---------- DATA ----------

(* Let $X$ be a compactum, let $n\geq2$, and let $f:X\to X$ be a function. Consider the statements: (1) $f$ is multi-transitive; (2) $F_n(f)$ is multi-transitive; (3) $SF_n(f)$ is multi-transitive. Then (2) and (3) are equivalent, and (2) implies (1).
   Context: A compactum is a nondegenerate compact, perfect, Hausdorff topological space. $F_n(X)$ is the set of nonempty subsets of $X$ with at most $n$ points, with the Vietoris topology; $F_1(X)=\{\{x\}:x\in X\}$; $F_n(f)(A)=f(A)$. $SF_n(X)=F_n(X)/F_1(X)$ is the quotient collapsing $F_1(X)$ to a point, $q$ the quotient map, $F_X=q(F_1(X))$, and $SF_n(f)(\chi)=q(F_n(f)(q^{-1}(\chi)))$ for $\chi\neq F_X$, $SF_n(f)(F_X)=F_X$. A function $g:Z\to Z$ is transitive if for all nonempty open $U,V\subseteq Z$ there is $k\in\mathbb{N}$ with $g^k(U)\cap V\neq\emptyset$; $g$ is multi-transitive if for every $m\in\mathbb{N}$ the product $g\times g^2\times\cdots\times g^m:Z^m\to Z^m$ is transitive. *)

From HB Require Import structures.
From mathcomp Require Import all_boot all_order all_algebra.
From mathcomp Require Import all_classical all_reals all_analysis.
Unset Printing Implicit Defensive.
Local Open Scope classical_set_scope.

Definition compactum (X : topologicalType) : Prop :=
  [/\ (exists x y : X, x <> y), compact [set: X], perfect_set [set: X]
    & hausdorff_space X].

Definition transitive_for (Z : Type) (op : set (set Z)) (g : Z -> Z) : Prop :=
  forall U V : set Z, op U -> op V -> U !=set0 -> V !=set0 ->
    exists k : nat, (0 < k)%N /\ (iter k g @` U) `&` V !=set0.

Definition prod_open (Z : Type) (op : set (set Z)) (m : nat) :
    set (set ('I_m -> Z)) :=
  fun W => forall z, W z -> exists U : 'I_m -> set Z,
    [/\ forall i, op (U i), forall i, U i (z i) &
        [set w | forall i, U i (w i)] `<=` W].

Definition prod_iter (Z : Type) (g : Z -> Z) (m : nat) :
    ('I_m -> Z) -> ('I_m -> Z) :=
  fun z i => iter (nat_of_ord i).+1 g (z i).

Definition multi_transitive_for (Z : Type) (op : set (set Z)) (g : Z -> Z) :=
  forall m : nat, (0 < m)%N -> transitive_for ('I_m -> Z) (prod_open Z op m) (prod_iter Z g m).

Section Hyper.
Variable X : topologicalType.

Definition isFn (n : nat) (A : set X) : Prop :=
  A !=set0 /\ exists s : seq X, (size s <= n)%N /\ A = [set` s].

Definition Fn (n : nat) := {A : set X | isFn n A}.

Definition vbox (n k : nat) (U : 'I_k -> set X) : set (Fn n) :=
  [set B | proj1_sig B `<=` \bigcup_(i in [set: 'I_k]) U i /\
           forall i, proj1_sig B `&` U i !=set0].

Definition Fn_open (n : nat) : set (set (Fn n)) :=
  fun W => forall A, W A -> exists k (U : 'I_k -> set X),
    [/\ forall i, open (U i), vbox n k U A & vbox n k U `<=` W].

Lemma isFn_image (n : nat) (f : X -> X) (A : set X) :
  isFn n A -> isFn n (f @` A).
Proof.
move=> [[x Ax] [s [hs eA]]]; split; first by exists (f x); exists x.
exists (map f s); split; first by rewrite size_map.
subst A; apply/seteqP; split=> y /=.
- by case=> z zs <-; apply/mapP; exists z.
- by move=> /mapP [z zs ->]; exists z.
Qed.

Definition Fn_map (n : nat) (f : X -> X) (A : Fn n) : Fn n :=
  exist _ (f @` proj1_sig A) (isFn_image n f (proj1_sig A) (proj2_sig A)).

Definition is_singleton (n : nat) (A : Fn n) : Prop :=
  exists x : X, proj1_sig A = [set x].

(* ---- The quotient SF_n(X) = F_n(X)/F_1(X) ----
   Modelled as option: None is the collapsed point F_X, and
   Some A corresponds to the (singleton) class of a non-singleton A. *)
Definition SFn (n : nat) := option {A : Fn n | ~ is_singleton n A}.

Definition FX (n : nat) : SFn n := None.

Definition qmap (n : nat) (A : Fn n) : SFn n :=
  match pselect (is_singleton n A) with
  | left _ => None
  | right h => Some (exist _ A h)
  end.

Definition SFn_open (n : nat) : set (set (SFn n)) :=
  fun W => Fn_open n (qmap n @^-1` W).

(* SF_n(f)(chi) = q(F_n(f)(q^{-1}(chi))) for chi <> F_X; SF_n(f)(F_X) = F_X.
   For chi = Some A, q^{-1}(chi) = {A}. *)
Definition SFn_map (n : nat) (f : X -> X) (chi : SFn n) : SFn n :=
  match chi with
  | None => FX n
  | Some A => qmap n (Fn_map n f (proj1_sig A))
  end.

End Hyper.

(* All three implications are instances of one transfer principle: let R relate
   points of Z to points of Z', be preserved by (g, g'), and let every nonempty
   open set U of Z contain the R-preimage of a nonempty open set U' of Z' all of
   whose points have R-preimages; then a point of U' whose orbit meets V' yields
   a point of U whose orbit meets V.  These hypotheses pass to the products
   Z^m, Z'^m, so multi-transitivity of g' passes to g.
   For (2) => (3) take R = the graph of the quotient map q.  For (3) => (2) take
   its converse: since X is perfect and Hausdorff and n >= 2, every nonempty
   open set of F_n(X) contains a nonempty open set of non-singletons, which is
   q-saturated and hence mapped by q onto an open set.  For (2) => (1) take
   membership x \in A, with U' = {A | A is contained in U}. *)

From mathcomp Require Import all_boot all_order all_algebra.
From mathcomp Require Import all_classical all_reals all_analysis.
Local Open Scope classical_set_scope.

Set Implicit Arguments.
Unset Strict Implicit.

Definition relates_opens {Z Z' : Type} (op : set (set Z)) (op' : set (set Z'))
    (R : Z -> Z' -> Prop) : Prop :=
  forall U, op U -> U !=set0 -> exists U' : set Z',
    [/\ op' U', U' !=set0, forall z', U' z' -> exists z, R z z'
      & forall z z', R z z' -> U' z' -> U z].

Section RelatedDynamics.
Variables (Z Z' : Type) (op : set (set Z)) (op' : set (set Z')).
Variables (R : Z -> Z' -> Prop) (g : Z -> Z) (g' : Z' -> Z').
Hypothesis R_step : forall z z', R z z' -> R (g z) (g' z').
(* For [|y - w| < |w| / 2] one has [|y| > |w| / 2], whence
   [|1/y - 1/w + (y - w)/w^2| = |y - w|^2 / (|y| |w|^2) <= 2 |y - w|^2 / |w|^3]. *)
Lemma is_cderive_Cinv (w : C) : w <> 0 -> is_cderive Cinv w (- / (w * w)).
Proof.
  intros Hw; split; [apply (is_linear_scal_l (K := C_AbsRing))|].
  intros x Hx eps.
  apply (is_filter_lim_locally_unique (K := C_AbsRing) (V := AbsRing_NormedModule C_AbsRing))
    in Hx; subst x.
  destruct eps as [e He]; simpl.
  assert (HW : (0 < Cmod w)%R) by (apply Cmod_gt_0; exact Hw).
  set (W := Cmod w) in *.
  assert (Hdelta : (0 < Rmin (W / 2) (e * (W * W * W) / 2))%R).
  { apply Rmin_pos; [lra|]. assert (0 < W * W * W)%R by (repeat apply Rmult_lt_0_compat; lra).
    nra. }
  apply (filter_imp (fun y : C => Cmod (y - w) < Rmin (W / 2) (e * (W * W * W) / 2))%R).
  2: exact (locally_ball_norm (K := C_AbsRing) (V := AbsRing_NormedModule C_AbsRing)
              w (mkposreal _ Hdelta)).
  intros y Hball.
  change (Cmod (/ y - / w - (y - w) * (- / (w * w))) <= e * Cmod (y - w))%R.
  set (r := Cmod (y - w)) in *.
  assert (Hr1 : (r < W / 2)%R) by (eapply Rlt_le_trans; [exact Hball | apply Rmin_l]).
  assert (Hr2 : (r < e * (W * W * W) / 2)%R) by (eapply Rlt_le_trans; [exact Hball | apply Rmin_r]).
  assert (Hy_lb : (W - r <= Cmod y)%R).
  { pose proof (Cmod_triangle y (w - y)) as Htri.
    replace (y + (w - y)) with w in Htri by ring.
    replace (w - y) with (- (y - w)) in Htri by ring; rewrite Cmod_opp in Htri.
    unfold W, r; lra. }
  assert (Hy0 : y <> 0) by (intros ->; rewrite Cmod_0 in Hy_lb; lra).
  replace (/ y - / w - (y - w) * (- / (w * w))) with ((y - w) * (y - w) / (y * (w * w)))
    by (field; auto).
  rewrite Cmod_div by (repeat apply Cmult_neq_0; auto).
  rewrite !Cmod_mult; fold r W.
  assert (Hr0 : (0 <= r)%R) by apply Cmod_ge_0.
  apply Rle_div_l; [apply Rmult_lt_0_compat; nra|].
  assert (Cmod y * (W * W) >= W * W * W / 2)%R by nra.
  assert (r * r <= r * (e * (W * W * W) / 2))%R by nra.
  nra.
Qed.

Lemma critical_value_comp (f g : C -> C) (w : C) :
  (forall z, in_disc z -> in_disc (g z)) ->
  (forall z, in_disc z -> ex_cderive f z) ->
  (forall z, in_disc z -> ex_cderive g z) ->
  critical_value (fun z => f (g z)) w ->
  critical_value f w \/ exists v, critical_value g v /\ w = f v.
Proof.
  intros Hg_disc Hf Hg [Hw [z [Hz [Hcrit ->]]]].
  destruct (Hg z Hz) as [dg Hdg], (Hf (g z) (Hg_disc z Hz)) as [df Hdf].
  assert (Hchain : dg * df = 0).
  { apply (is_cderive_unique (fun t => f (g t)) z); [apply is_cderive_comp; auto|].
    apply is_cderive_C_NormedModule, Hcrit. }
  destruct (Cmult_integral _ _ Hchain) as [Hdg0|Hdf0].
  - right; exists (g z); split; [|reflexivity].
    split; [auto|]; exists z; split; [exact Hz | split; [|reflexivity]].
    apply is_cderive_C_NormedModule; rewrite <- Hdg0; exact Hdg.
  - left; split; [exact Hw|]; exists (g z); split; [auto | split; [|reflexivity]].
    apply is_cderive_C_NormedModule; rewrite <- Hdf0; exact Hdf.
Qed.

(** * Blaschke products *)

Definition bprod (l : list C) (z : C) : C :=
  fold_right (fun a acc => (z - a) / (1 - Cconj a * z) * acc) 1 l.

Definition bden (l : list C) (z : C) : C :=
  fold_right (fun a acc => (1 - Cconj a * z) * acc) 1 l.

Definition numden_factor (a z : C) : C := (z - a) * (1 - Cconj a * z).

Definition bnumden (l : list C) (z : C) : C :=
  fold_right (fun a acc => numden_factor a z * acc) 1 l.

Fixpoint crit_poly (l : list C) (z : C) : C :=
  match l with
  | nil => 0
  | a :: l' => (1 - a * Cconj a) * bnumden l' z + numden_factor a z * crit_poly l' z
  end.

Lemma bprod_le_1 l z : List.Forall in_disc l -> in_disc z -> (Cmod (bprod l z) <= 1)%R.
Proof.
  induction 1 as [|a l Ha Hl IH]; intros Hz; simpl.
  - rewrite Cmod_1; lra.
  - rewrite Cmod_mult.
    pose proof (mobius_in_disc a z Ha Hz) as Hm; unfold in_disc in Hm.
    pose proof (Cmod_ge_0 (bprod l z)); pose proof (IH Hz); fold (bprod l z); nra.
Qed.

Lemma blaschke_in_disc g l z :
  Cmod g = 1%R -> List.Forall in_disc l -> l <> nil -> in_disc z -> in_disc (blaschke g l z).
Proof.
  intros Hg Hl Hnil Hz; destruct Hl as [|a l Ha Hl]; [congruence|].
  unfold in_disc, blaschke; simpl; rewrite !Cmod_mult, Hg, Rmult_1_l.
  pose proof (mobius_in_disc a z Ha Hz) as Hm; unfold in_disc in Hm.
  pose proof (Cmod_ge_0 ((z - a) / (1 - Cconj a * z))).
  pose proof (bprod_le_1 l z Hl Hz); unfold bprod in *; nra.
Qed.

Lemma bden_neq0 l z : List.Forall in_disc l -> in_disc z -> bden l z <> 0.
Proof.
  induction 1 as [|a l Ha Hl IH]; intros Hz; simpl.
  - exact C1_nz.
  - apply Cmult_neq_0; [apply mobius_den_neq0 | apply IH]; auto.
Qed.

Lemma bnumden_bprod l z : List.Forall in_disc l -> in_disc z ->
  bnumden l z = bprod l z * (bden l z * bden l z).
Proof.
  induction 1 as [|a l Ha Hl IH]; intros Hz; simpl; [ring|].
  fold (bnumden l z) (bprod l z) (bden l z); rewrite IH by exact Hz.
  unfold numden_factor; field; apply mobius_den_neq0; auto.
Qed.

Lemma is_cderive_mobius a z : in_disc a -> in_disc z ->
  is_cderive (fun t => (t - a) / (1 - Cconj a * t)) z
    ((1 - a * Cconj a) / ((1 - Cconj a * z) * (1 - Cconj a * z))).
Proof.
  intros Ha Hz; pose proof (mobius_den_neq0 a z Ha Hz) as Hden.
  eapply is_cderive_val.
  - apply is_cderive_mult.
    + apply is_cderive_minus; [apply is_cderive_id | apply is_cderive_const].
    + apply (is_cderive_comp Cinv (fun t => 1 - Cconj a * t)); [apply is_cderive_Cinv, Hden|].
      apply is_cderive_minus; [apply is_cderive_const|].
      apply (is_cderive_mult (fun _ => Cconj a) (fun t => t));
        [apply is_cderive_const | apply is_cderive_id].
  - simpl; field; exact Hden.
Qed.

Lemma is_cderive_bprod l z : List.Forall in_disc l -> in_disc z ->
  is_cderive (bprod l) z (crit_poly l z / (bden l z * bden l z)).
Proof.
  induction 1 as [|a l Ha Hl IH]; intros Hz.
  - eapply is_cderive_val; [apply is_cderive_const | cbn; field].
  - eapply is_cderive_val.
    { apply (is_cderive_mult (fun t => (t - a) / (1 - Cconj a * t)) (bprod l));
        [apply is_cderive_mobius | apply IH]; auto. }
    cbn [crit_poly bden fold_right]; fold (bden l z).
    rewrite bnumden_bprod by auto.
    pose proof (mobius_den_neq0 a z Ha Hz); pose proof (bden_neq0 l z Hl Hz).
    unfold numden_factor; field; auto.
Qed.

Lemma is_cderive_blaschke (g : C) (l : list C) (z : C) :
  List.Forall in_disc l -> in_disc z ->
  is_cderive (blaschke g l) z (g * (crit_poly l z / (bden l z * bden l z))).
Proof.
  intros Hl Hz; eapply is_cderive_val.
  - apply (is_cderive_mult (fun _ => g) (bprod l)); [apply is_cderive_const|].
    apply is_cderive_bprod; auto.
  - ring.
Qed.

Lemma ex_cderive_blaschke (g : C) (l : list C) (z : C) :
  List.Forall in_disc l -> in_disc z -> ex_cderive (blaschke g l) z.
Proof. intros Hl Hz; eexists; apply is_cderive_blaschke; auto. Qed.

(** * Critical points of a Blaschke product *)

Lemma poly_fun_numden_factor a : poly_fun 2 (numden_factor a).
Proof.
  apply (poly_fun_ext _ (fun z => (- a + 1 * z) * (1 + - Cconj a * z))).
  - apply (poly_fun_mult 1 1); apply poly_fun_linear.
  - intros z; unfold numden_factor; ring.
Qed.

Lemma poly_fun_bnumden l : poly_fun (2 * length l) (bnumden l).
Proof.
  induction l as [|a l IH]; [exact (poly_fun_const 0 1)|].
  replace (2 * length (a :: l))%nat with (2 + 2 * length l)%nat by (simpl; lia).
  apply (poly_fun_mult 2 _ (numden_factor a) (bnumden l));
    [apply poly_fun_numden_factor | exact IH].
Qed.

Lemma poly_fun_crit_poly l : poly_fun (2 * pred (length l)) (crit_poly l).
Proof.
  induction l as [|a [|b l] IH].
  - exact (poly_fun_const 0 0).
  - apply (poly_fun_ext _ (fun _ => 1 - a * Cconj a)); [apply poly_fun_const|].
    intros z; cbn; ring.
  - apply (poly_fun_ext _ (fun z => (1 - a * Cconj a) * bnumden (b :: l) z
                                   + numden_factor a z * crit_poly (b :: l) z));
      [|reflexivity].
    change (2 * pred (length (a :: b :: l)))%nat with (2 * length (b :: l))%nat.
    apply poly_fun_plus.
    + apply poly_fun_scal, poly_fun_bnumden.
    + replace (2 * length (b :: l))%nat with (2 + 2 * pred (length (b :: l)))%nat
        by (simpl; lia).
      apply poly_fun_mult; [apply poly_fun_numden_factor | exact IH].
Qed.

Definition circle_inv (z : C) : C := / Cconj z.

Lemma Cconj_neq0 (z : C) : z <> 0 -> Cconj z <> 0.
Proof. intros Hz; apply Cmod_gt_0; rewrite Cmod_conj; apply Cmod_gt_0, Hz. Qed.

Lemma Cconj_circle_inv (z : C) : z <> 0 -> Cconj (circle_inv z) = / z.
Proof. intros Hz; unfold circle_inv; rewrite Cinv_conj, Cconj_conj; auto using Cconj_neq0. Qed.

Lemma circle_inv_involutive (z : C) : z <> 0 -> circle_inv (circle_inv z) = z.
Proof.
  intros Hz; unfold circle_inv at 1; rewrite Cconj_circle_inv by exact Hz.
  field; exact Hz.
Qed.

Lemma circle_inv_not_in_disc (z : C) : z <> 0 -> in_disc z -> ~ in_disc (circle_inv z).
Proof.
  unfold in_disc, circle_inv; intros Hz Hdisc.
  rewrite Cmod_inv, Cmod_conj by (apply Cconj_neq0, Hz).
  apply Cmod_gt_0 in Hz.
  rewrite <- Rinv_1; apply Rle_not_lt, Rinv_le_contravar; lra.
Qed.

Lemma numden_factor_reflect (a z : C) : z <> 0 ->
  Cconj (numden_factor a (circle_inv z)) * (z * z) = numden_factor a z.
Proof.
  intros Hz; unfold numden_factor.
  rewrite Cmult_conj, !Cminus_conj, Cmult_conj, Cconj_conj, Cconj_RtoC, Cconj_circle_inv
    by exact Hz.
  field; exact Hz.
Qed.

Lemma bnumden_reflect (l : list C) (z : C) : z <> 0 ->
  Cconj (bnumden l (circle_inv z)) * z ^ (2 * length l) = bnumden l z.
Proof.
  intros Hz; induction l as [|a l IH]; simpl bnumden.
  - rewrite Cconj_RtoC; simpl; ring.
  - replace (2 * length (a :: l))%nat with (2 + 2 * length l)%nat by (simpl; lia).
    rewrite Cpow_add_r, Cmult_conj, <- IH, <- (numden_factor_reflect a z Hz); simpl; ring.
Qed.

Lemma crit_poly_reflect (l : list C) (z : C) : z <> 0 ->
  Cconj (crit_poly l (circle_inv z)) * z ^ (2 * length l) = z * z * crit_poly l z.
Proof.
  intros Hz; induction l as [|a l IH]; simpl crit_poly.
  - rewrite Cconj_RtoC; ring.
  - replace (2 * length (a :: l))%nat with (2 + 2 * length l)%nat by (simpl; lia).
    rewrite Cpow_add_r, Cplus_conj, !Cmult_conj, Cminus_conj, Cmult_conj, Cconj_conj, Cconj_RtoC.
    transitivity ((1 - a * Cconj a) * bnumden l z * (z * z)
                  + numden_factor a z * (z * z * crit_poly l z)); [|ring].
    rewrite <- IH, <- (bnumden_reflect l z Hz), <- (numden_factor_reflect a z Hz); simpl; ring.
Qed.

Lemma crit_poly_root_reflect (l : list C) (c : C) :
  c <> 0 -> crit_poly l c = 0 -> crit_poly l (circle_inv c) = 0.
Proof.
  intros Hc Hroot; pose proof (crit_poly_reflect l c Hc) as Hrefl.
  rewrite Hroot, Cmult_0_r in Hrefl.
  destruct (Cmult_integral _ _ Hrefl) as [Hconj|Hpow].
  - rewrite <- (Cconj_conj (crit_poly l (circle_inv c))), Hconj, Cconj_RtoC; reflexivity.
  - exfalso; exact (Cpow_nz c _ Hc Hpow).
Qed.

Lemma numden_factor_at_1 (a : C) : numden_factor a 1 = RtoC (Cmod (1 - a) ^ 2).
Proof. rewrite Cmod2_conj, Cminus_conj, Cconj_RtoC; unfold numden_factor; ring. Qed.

----------

ABOUT THIS EXERCISE
Lines after the one containing "set (set ('I_m" are left out; every line from the start of the entries through that line is restated word for word.

REPLY
(* Let $X$ be a compactum, let $n\geq2$, and let $f:X\to X$ be a function. Consider the statements: (1) $f$ is multi-transitive; (2) $F_n(f)$ is multi-transitive; (3) $SF_n(f)$ is multi-transitive. Then (2) and (3) are equivalent, and (2) implies (1).
   Context: A compactum is a nondegenerate compact, perfect, Hausdorff topological space. $F_n(X)$ is the set of nonempty subsets of $X$ with at most $n$ points, with the Vietoris topology; $F_1(X)=\{\{x\}:x\in X\}$; $F_n(f)(A)=f(A)$. $SF_n(X)=F_n(X)/F_1(X)$ is the quotient collapsing $F_1(X)$ to a point, $q$ the quotient map, $F_X=q(F_1(X))$, and $SF_n(f)(\chi)=q(F_n(f)(q^{-1}(\chi)))$ for $\chi\neq F_X$, $SF_n(f)(F_X)=F_X$. A function $g:Z\to Z$ is transitive if for all nonempty open $U,V\subseteq Z$ there is $k\in\mathbb{N}$ with $g^k(U)\cap V\neq\emptyset$; $g$ is multi-transitive if for every $m\in\mathbb{N}$ the product $g\times g^2\times\cdots\times g^m:Z^m\to Z^m$ is transitive. *)

From HB Require Import structures.
From mathcomp Require Import all_boot all_order all_algebra.
From mathcomp Require Import all_classical all_reals all_analysis.
Unset Printing Implicit Defensive.
Local Open Scope classical_set_scope.

Definition compactum (X : topologicalType) : Prop :=
  [/\ (exists x y : X, x <> y), compact [set: X], perfect_set [set: X]
    & hausdorff_space X].

Definition transitive_for (Z : Type) (op : set (set Z)) (g : Z -> Z) : Prop :=
  forall U V : set Z, op U -> op V -> U !=set0 -> V !=set0 ->
    exists k : nat, (0 < k)%N /\ (iter k g @` U) `&` V !=set0.

Definition prod_open (Z : Type) (op : set (set Z)) (m : nat) :
    set (set ('I_m -> Z)) :=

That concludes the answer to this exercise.